R^2 of Linear Regression: 0.24038261989970522
R^2 of Random Forest: 0.9183885575782863
R^2 of Random Forest with GridSearchCV: 0.9157273103591018


Now, let's compare the models' Root Mean Square Error by using sklearn's mean_squared_error function

In [15]:
# Import mean_squared_error from sklearn
from sklearn.metrics import mean_squared_error, mean_absolute_error

# Compare RMSE of the three models
rmse_lin = np.sqrt(mean_squared_error(y_test, y_pred_lin))
rmse_forest = np.sqrt(mean_squared_error(y_test, y_pred_forest))
rmse_cv = np.sqrt(mean_squared_error(y_test, y_pred_cv))
print("RMSE of Linear Regression: {}".format(rmse_lin))
print("RMSE of Random Forest: {}".format(rmse_forest))
print("RMSE of Random Forest with GridSearchCV: {}".format(rmse_cv))

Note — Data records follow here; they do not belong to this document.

Lemma tupsum_pow m n : 1 + tupsum m n = m.+1 ^ n.
Proof.
rewrite /tupsum; under eq_bigr => I _ do rewrite sum_prod_totient.
rewrite -(add1n m) expnDn -(big_mkord xpredT (fun i => 'C(n, i) * (1 ^ (n - i) * m ^ i))).
rewrite [RHS]big_nat_recl // bin0 exp1n expn0 !mul1n big_add1 /=; congr (_ + _).
by apply: eq_bigr => i _; rewrite exp1n mul1n.
Qed.

Section Counting.
Variables (K : finFieldType) (d : nat).
Hypothesis d_gt0 : 0 < d.
Let m := mminus #|K| d.

Lemma sum_lcm_period n F : F 0 = 0 ->
  \sum_(x : {ffun 'I_n -> K}) F (lcm_of (period d) x) =
  F 1 + \sum_(1 <= I < n.+1)
          'C(n, I) * lcm_sum (fun e : 'I_m.+1 => ordmod d e) (fun e => e %| m) totient I F.
Proof.
move=> F0; rewrite -lcm_sumT (lcm_sum_binomial _ _ (a0 := 0%R)) ?period0 //.
rewrite big_nat_recl // bin0 mul1n lcm_sum0 big_add1 /=; congr (_ + _).
apply: eq_bigr => I _; congr (_ * _); apply: lcm_sum_transfer => // H H0.
by rewrite -sum_period //; apply: eq_big => [a|a _]; rewrite /= ?andbT ?mul1n.
Qed.

Lemma sum_lcm_period_eq n k : 0 < k ->
  \sum_(x : {ffun 'I_n -> K}) (lcm_of (period d) x == k) = delta k + tupsum_k d m n k.
Proof.
move=> k_gt0; rewrite (@sum_lcm_period _ (fun q => nat_of_bool (q == k))); last by case: k k_gt0.
rewrite /delta eq_sym; congr (_ + _); apply: eq_bigr => I _.
rewrite /lcm_sum big_distrr [RHS]big_mkcondr /=; apply: eq_bigr => t _.
by rewrite /lcm_of; case: (_ == k); rewrite ?mul0n ?muln0 ?mul1n.
Qed.

Lemma sum_lcm_period_gt0 n :
  \sum_(x : {ffun 'I_n -> K}) (0 < lcm_of (period d) x) = 1 + tupsum m n.
Proof.
rewrite (@sum_lcm_period _ (fun q => nat_of_bool (0 < q))) //; congr (_ + _).
apply: eq_bigr => I _; congr (_ * _); apply: eq_bigr => t _.
suff -> : 0 < lcm_of (fun e : 'I_m.+1 => ordmod d e) t by rewrite mul1n.
apply: (big_ind (fun q => 0 < q)) => // [q r q_gt0 r_gt0|i _]; last exact: ordmod_gt0.
by rewrite lcmn_gt0 q_gt0.
Qed.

RMSE of Linear Regression: 48277003.91561354
RMSE of Random Forest: 15824077.09956474
RMSE of Random Forest with GridSearchCV: 16080009.126974687


In [16]:
from sklearn.metrics import mean_squared_error, mean_absolute_error


As you can see, GridSearchCV has improved our model by tuning the hyperparameters!